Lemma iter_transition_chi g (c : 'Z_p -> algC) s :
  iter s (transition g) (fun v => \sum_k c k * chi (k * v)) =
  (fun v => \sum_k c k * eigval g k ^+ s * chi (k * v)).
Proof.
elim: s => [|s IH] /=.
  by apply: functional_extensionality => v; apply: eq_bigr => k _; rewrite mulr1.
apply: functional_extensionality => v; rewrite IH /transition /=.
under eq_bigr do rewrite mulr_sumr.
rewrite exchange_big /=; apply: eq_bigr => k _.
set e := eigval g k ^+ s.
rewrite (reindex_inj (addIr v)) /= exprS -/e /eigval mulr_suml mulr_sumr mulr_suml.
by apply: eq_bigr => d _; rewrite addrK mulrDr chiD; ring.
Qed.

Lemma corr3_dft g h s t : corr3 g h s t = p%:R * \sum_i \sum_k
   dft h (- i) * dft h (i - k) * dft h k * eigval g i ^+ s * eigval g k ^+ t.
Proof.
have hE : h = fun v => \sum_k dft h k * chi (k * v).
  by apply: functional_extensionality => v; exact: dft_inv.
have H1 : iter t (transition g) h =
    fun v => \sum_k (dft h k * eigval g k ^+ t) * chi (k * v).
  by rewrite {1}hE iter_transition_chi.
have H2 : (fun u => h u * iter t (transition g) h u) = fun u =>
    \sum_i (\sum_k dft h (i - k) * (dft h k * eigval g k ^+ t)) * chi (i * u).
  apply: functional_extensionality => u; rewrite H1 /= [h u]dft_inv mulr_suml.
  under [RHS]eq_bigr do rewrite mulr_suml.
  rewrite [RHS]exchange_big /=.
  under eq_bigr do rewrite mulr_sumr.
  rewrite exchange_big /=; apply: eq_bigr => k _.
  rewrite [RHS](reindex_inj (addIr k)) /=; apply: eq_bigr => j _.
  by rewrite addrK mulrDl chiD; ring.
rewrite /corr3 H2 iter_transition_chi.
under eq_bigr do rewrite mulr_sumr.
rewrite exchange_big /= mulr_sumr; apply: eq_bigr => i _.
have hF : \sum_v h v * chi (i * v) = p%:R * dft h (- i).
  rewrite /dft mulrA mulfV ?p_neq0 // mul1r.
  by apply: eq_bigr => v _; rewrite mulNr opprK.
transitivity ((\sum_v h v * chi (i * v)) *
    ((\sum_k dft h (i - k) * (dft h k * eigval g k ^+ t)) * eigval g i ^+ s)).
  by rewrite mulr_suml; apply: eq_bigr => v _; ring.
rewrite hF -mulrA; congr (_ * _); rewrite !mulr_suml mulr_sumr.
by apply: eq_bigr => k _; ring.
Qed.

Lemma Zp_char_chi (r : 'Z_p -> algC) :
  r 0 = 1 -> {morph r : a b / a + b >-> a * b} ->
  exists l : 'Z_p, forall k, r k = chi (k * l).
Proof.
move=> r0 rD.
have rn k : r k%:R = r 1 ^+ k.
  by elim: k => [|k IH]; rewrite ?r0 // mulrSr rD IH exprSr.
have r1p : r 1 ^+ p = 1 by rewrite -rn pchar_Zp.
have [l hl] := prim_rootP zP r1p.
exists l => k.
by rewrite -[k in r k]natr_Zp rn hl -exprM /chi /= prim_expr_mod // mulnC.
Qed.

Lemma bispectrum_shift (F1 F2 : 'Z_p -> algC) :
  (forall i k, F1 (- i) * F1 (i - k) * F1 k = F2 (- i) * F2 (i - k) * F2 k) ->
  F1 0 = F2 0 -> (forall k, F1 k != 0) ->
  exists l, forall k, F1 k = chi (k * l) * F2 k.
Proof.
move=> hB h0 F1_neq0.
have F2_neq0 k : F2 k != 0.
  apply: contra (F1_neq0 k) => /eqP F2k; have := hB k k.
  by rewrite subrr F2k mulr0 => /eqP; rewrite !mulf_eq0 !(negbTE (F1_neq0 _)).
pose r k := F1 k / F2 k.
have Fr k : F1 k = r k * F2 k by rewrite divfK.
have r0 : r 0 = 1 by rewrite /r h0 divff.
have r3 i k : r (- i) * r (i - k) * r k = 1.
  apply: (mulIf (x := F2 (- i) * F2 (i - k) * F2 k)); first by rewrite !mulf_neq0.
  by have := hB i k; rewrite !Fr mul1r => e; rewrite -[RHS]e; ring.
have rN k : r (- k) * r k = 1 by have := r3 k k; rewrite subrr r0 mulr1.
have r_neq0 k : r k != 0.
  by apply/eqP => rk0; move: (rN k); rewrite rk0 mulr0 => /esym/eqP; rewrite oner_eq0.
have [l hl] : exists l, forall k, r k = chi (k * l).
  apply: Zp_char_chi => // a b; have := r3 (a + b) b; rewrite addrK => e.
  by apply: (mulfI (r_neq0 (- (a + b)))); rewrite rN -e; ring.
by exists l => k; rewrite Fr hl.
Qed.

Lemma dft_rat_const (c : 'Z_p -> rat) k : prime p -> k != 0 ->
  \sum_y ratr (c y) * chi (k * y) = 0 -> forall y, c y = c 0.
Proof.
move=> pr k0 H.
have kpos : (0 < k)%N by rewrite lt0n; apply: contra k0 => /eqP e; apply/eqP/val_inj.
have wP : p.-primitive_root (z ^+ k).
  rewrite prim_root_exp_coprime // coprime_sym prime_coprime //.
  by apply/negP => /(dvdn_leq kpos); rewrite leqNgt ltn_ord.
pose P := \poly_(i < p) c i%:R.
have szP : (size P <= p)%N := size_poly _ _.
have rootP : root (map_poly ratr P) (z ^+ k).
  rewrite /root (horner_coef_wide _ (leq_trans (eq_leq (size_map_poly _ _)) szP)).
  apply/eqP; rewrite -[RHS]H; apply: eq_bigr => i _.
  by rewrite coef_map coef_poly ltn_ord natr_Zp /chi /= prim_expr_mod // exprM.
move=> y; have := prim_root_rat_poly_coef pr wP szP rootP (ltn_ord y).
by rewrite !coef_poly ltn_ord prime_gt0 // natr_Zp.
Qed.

^^^^^^^^^^^^^^^^

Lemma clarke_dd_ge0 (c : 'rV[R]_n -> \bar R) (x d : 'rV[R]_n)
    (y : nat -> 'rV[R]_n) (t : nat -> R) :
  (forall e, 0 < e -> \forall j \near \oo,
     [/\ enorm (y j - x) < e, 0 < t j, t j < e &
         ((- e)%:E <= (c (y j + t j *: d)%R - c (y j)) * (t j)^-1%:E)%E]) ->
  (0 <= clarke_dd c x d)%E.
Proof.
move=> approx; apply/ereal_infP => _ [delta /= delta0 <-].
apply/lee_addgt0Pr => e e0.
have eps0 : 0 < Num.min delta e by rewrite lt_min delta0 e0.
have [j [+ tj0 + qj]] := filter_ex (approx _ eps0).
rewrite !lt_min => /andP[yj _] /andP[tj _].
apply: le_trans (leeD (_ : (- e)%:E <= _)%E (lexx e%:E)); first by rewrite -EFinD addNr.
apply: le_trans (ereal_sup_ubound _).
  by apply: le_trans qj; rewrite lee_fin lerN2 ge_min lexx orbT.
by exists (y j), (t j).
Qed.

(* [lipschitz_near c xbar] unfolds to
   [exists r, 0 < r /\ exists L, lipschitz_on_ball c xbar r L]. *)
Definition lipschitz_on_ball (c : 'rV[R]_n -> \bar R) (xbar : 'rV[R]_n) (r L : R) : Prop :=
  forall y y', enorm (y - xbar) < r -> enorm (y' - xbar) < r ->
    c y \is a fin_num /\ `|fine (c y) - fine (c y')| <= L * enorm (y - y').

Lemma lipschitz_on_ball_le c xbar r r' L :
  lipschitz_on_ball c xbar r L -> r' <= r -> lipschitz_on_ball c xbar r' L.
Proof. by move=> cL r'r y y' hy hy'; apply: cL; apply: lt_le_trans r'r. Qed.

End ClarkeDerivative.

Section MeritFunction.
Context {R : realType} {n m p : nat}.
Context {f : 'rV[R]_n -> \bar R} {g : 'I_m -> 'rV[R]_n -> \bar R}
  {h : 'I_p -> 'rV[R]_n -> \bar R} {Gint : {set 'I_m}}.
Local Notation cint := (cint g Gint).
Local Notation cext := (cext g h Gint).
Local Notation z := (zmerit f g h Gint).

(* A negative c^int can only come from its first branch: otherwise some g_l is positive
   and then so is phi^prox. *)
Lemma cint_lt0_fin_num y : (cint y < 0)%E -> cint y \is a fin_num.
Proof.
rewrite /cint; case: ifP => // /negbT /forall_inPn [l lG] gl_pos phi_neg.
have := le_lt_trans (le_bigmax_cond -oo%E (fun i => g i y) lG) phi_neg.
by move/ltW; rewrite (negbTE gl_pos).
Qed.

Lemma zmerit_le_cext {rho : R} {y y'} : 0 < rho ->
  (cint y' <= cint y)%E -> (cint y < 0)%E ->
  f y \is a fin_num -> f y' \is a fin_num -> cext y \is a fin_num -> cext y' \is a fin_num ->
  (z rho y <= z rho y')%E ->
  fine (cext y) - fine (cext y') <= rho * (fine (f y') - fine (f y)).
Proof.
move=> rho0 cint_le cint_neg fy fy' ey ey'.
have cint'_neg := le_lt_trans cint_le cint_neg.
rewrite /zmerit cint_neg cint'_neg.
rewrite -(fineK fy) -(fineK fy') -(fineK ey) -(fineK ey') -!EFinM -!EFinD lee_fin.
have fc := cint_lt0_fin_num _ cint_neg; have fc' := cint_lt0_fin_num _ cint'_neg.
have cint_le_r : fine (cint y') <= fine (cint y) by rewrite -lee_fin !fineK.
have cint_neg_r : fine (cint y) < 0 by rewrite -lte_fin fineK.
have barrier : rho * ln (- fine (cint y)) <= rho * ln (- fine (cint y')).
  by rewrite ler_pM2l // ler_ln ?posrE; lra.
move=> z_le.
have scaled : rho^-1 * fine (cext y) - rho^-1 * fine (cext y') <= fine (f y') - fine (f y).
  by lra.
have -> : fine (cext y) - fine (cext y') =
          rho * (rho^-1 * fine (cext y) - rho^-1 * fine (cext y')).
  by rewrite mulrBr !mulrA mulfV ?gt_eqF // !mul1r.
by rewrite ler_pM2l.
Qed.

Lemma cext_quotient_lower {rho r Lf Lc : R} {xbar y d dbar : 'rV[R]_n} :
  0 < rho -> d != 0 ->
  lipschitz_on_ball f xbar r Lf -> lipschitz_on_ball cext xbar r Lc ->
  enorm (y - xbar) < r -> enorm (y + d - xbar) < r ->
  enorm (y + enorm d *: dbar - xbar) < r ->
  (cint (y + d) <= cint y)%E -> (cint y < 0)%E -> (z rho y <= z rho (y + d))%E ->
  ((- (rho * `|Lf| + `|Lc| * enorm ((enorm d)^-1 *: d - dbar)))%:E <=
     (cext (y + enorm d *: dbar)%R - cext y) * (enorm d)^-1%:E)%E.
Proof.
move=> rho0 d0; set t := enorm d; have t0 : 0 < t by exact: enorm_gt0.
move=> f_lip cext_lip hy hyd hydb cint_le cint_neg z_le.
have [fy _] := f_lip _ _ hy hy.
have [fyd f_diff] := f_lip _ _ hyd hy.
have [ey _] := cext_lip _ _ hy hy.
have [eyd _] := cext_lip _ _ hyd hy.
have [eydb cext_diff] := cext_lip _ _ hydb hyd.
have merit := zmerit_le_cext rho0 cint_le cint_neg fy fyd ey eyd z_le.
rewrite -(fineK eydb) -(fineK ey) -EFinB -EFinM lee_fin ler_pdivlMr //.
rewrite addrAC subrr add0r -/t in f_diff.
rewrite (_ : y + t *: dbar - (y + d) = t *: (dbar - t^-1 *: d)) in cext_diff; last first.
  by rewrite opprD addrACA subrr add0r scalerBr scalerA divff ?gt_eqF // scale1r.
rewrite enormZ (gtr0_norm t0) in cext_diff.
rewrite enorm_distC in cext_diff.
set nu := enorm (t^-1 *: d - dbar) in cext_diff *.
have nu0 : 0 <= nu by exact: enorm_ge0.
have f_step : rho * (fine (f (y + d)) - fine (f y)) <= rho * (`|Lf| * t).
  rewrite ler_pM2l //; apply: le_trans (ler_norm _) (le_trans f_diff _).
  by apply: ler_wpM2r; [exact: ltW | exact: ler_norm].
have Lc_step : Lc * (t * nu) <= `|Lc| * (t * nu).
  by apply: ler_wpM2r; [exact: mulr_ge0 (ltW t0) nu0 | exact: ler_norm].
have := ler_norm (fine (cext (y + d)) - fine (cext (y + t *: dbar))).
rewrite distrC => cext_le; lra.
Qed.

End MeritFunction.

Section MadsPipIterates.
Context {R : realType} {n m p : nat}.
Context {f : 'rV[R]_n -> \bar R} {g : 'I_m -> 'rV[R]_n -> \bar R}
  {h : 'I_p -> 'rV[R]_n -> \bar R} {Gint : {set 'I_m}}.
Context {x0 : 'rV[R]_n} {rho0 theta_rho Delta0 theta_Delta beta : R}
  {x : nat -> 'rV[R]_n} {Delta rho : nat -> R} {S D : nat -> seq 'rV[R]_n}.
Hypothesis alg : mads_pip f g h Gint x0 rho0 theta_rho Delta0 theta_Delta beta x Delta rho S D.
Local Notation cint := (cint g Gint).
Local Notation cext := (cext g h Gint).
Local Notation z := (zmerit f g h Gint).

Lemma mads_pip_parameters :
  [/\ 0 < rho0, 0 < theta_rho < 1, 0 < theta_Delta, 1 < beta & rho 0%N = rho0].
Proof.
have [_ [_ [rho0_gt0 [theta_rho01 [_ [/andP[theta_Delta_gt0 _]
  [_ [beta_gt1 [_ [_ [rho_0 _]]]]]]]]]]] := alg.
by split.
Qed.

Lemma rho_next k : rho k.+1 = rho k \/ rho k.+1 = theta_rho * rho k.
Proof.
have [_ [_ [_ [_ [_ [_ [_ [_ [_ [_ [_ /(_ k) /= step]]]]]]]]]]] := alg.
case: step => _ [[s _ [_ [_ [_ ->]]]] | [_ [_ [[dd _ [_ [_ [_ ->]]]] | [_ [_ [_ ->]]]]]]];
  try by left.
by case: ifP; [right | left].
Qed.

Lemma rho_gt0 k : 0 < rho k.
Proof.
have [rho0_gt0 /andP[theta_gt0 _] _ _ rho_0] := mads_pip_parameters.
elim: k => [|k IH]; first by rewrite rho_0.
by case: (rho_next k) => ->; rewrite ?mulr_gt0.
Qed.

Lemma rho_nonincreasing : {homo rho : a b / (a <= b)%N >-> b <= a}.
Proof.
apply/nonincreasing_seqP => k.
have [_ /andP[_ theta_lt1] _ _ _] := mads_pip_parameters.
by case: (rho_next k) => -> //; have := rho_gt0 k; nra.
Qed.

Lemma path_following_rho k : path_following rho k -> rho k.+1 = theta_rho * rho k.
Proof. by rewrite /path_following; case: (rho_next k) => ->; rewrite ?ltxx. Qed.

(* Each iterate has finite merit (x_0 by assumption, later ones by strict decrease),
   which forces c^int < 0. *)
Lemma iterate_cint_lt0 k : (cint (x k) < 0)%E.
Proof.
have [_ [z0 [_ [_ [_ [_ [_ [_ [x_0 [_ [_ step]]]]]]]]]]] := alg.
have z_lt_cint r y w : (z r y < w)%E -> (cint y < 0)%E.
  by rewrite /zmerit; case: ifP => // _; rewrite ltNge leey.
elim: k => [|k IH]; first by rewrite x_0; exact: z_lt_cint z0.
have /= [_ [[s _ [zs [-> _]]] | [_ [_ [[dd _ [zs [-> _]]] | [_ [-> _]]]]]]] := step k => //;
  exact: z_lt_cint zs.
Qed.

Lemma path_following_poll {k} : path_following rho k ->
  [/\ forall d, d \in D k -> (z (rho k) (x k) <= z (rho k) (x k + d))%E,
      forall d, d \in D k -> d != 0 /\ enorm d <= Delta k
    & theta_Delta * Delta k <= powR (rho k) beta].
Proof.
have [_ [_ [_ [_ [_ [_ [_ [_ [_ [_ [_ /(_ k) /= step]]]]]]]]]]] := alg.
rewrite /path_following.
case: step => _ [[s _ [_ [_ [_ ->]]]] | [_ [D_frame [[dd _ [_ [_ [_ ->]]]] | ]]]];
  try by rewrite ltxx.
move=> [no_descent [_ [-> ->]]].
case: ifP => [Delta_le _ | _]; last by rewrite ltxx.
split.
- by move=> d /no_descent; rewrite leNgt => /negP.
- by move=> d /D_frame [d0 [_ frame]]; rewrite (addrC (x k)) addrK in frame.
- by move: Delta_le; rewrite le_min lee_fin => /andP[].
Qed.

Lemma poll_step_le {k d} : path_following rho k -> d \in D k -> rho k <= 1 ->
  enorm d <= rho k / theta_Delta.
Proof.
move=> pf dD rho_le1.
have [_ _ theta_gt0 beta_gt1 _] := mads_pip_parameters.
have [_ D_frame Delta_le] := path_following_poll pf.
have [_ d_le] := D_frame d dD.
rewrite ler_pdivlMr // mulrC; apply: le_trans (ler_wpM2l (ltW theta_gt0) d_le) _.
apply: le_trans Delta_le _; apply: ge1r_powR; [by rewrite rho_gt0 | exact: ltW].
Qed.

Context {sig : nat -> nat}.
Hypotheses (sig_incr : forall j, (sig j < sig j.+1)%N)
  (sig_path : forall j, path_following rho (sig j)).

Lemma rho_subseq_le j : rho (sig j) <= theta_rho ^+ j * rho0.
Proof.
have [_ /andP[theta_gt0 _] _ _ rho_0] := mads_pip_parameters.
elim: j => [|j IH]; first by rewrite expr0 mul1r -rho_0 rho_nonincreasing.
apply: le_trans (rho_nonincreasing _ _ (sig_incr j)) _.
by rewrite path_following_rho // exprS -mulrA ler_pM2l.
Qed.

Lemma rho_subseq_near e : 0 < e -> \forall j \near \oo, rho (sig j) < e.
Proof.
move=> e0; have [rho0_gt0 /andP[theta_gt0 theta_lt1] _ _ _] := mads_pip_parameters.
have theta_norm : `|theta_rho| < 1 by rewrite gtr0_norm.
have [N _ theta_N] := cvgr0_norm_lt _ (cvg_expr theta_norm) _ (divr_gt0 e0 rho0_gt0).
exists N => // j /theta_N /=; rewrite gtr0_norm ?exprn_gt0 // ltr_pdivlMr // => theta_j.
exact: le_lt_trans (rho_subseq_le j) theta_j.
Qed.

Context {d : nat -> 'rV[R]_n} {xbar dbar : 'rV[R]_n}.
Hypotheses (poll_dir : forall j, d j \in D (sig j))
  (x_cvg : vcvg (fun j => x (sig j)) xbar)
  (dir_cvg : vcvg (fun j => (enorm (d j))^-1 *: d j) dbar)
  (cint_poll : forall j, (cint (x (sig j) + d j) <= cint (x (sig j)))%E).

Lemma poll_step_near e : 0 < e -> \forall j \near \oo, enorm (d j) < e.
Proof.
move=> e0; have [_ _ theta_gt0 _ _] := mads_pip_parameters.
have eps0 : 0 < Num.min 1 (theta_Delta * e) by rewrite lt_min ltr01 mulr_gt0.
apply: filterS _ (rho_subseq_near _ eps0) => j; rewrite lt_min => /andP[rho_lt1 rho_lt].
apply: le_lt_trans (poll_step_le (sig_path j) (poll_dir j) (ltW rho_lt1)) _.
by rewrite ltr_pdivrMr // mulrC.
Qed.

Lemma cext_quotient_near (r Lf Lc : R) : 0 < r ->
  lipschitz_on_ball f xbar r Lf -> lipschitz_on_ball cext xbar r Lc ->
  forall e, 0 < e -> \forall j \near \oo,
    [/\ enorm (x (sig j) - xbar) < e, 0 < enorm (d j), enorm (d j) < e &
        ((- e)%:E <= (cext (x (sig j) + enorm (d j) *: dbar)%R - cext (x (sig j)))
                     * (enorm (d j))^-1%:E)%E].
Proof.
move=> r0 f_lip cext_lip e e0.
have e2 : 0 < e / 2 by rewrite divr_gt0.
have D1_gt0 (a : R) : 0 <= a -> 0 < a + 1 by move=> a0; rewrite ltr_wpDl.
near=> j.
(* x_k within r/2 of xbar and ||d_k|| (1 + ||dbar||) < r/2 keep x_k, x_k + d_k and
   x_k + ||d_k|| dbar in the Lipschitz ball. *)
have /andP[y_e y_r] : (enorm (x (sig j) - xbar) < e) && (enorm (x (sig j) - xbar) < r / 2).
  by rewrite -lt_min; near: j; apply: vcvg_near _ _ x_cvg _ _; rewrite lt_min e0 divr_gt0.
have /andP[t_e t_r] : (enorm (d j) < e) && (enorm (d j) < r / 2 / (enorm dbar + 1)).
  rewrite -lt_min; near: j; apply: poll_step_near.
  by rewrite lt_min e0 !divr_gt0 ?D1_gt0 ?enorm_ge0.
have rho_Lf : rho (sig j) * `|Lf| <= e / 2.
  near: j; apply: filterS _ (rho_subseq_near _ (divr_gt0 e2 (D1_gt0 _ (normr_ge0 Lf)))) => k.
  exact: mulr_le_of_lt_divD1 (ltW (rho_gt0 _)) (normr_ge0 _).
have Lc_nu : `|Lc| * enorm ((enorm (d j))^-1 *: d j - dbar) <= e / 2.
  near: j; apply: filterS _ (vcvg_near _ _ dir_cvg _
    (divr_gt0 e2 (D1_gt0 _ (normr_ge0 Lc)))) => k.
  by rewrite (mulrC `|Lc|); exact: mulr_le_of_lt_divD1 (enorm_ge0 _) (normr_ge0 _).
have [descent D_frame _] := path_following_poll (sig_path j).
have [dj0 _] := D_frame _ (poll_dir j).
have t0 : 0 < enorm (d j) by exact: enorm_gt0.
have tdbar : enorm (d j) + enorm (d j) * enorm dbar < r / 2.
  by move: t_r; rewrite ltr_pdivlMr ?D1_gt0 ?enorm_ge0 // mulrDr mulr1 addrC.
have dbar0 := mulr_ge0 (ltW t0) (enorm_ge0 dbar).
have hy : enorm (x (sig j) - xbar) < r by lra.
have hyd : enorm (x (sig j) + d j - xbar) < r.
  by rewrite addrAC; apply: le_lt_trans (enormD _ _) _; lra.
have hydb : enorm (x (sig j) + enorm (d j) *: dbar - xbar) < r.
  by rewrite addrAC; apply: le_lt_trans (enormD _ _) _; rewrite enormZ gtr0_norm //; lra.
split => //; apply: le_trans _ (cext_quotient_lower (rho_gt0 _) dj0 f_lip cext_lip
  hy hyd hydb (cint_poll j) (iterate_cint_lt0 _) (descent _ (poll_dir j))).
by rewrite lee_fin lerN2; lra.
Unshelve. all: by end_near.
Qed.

^^^^^^^^^^^^^^^^

→ PROMPT:
Whenever a line of the material holds the word "mulfV", copy it out.

→ ANSWER SECTION:
  rewrite /dft mulrA mulfV ?p_neq0 // mul1r.
  by rewrite mulrBr !mulrA mulfV ?gt_eqF // !mul1r.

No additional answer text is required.